Using the entries that follow, collect the lines where the word "mulrC" appears.

**Dataset entries**:
* * *

(* integrating x against zeta = g eta, the factor expR (- ln (g x)) = 1 / g x
   cancels g x; where g x = 0 (and ln returns its junk value 0) the product
   vanishes, which only helps *)
Lemma integral_expR_young_le1 :
  \int[Pi]_p (expR (lam * dist p - c - ln (g p.1)))%:E <= 1.
Proof.
set Q := fun x => \int[Pm]_y (expR (lam * dist (x, y) - c))%:E.
have mQ : measurable_fun setT Q.
  exact: (measurable_fun_fubini_tonelli_F _ mexpR_dist expR_dist_ge0).
have Q_ge0 x : 0 <= Q x by apply: integral_ge0.
have minvg : measurable_fun setT (fun x => (expR (- ln (g x)))%:E).
  exact/measurable_EFinP/measurableT_comp/measurable_funN.
rewrite (eq_integral (fun p => (expR (- ln (g p.1)))%:E *
    (expR (lam * dist p - c))%:E)); last first.
  by move=> p _; rewrite -EFinM -expRD; congr (expR _)%:E; ring.
rewrite (ge0_integral_prod_marg _ _ x0); last 2 first.
- by apply: emeasurable_funM => //; exact: measurableT_comp minvg _.
- by move=> p; rewrite mule_ge0// lee_fin expR_ge0.
under eq_integral => x _.
  rewrite /= (ge0_integralZl_EFin _ _ (fun y _ => expR_dist_ge0 (x, y))
    (measurable_fun_pair2 x mexpR_dist)) ?expR_ge0// -/(Q x).
  over.
rewrite -(ge0_integral_density mg g_ge0 zetaE); last 2 first.
- by move=> x; rewrite mule_ge0// lee_fin expR_ge0.
- exact: emeasurable_funM.
apply: le_trans integral_law_snd_expR_dist_le1.
apply: ge0_le_integral => //.
- by move=> x _; rewrite !mule_ge0 ?lee_fin ?expR_ge0.
- apply: emeasurable_funM => //; first exact: emeasurable_funM.
  exact/measurable_EFinP.
move=> x _; rewrite muleAC -EFinM -[leRHS]mul1e lee_wpmul2r// lee_fin.
have [->|gx_neq0] := eqVneq (g x) 0%R; first by rewrite mulr0.
have gx_gt0 : (0 < g x)%R by rewrite lt_neqAle eq_sym gx_neq0 g_ge0.
by rewrite expRN lnK ?posrE// mulVf.
Qed.

Lemma integral_density_joint (h : X * Xh -> R) : measurable_fun setT h ->
  (forall p, 0 <= h p)%R -> \int[Pi]_p (f p * h p)%:E = \int[J]_p (h p)%:E.
Proof.
move=> mh h0; under eq_integral do rewrite EFinM muleC.
apply: (ge0_integral_density mf f_ge0 JE); last exact/measurable_EFinP.
by move=> p; rewrite lee_fin.
Qed.

Lemma integral_density_fst (h : X -> R) : measurable_fun setT h ->
  (forall x, 0 <= h x)%R ->
  \int[Pi]_p (f p * h p.1)%:E = \int[eta]_x (g x * h x)%:E.
Proof.
move=> mh h0; rewrite (integral_density_joint (h:=fun p => h p.1)) //; last first.
  exact: measurableT_comp mh measurable_fst.
have hE_ge0 x : 0 <= (h x)%:E by rewrite lee_fin.
have mhE : measurable_fun setT (fun x => (h x)%:E) by exact/measurable_EFinP.
rewrite (ge0_integral_joint_fst zeta K hE_ge0 mhE).
rewrite -(ge0_integral_density mg g_ge0 zetaE hE_ge0 mhE).
by apply: eq_integral => x _; rewrite EFinM muleC.
Qed.

Lemma integral_density_cst (k : R) : (0 <= k)%R ->
  \int[Pi]_p (f p * k)%:E = k%:E.
Proof.
move=> k0; rewrite integral_density_joint// integral_cst//.
by rewrite joint_setT mule1.
Qed.

Let integral_density_lam (h : X * Xh -> R) : measurable_fun setT h ->
  \int[Pi]_p (f p * Num.max (lam * h p) 0)%:E =
  (- lam)%:E * \int[J]_p (Num.max (- h p) 0)%:E.
Proof.
move=> mh; rewrite (integral_density_joint (h:=fun p => Num.max (lam * h p) 0)%R).
- rewrite -ge0_integralZl_EFin ?oppr_ge0 ?(ltW lam_lt0)//; last 2 first.
  + by move=> p _; rewrite lee_fin max0_ge0.
  + exact/measurable_EFinP/measurable_funrneg.
  apply: eq_integral => p _; rewrite -EFinM; congr (_%:E).
  by rewrite [RHS]mulrC mulr_max0 ?oppr_ge0 ?ltW// mulrNN.
- exact/measurable_funrpos/measurable_funM.
- by move=> p; rewrite max0_ge0.
Qed.

Let integral_density_fst_max (h : X -> R) : measurable_fun setT h ->
  \int[Pi]_p (f p * Num.max (h p.1) 0)%:E =
  \int[eta]_x (Num.max (g x * h x) 0)%:E.
Proof.
move=> mh; rewrite (integral_density_fst (h:=fun x => Num.max (h x) 0)%R).
- apply: eq_integral => x _; congr (_%:E).
  by rewrite mulrC mulr_max0.
- exact/measurable_funrpos.
- by move=> x; rewrite max0_ge0.
Qed.

Let mflnf : measurable_fun setT (fun p => f p * ln (f p))%R.
Proof. by apply: measurable_funM => //; exact: measurableT_comp. Qed.
Let mln_g1 : measurable_fun setT (fun p : X * Xh => ln (g p.1)).
Proof. exact: measurableT_comp mln_g measurable_fst. Qed.
Let mexpR_young :
  measurable_fun setT (fun p => expR (lam * dist p - c - ln (g p.1))).
Proof.
by apply/measurableT_comp/measurable_funB => //; exact: measurable_funB.
Qed.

* * *

**THE ANSWER**:
  by rewrite [RHS]mulrC mulr_max0 ?oppr_ge0 ?ltW// mulrNN.
  by rewrite mulrC mulr_max0.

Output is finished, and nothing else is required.